## Saved data entries
###

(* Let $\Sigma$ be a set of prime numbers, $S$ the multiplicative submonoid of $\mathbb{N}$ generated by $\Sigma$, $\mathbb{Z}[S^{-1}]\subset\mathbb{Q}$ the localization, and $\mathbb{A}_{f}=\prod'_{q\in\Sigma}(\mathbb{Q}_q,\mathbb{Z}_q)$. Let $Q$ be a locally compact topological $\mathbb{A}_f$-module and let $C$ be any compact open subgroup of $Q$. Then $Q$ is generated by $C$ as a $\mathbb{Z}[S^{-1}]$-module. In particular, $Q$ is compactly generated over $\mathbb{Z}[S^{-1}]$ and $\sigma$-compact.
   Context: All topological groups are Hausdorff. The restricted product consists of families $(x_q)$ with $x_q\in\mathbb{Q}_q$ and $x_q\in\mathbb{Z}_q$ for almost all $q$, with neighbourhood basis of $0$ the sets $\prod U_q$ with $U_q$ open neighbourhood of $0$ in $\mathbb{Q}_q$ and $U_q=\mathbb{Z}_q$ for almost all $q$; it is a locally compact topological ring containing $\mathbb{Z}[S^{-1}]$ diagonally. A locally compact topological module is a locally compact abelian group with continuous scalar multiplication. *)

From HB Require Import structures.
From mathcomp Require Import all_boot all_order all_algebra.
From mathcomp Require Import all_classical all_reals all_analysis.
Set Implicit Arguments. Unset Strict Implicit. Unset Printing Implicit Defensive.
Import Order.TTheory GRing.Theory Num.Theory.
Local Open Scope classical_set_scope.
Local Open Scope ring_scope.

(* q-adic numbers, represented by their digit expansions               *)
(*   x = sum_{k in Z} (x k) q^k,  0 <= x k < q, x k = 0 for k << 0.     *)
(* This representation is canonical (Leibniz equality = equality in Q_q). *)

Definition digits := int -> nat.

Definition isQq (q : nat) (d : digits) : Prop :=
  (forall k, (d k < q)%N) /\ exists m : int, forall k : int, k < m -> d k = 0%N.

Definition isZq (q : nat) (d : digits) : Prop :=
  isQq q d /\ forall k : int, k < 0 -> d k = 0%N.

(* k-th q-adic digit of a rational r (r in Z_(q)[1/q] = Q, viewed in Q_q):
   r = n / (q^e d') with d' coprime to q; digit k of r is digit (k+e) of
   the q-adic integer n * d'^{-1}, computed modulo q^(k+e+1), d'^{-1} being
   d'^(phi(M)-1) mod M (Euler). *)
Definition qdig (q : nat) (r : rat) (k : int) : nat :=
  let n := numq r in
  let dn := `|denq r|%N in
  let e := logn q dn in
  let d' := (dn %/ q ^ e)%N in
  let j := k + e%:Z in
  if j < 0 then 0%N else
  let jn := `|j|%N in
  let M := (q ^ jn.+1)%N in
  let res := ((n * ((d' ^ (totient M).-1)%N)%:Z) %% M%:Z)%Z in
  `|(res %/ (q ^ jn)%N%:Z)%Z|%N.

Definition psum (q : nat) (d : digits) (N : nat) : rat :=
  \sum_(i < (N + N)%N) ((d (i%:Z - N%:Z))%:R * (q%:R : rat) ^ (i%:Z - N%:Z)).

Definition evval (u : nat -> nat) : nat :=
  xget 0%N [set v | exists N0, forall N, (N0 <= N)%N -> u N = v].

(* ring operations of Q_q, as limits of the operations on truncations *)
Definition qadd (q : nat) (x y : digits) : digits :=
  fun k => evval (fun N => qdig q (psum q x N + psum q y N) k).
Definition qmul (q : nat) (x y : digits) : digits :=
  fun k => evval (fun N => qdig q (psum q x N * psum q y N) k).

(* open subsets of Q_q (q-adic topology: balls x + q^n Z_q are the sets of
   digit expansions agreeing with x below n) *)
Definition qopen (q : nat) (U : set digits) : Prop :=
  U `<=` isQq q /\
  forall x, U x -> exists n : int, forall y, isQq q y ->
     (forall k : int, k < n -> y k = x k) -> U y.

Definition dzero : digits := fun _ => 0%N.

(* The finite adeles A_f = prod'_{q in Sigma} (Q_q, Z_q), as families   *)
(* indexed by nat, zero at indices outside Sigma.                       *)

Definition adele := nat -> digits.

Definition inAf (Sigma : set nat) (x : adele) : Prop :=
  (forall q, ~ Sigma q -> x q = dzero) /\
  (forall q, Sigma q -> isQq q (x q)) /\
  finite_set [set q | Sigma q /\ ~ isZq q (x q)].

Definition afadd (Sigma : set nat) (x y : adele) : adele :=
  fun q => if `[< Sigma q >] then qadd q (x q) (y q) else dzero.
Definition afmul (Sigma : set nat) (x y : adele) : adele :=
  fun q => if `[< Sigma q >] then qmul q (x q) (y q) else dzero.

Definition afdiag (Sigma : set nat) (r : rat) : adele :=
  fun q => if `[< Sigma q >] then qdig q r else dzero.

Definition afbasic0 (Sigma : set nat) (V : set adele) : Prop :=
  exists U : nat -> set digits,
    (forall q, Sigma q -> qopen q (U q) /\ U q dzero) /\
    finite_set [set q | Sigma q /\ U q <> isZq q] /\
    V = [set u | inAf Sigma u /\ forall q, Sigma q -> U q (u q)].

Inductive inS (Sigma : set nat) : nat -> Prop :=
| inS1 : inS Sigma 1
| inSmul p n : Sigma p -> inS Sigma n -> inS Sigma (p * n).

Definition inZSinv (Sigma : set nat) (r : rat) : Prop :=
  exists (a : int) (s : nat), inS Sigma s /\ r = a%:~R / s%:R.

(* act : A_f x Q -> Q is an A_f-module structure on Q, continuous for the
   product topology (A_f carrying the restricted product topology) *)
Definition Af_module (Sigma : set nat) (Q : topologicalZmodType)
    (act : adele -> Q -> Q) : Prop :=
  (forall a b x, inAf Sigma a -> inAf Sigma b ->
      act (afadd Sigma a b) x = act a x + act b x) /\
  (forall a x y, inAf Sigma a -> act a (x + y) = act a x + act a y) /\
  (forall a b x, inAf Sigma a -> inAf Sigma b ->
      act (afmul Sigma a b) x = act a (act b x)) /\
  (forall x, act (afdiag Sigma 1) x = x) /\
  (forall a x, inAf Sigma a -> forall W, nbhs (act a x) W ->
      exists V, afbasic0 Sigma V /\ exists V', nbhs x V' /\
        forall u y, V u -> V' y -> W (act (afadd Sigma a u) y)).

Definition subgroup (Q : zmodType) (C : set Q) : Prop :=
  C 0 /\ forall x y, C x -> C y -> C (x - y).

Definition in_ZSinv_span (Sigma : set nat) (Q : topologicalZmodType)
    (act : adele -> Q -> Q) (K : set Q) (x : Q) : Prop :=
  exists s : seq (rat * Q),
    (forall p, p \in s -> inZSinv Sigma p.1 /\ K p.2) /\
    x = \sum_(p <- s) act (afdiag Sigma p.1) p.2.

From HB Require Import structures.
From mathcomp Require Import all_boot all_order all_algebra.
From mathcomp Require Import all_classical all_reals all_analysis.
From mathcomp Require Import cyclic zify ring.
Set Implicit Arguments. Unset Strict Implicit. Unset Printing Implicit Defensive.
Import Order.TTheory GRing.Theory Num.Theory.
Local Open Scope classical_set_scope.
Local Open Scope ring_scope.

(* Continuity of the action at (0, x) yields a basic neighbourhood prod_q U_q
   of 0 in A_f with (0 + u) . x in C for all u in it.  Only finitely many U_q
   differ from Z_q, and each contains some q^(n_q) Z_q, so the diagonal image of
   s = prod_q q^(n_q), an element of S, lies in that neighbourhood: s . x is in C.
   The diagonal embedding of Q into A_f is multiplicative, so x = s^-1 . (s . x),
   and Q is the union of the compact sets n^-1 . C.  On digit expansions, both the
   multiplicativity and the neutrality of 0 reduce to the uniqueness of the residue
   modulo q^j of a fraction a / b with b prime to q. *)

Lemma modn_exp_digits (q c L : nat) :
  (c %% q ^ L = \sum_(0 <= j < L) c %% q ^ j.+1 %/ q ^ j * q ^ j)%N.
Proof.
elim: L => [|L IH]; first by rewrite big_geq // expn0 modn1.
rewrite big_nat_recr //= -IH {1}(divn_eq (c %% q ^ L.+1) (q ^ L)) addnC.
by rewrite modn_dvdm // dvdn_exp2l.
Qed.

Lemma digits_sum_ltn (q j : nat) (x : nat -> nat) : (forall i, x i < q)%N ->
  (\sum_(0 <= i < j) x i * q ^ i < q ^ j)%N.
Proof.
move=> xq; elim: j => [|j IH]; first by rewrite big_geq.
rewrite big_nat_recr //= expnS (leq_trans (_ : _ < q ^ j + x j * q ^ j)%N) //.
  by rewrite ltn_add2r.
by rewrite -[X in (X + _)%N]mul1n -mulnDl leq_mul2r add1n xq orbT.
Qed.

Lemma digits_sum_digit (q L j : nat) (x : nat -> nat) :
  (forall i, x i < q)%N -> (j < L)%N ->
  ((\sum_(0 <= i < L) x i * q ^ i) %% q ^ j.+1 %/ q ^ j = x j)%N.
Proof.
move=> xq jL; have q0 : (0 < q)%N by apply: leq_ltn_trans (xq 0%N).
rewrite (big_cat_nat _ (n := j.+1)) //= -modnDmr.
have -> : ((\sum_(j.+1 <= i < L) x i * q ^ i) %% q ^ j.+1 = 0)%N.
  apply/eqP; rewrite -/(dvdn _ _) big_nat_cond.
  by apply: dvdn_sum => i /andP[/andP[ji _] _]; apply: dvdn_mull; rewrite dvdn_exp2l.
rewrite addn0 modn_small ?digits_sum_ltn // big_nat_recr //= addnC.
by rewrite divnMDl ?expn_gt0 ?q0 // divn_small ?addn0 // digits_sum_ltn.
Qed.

###

## Try it
Your task is to copy each line of the data above that holds "nbhs".

## Answer to this exercise
  (forall a x, inAf Sigma a -> forall W, nbhs (act a x) W ->
      exists V, afbasic0 Sigma V /\ exists V', nbhs x V' /\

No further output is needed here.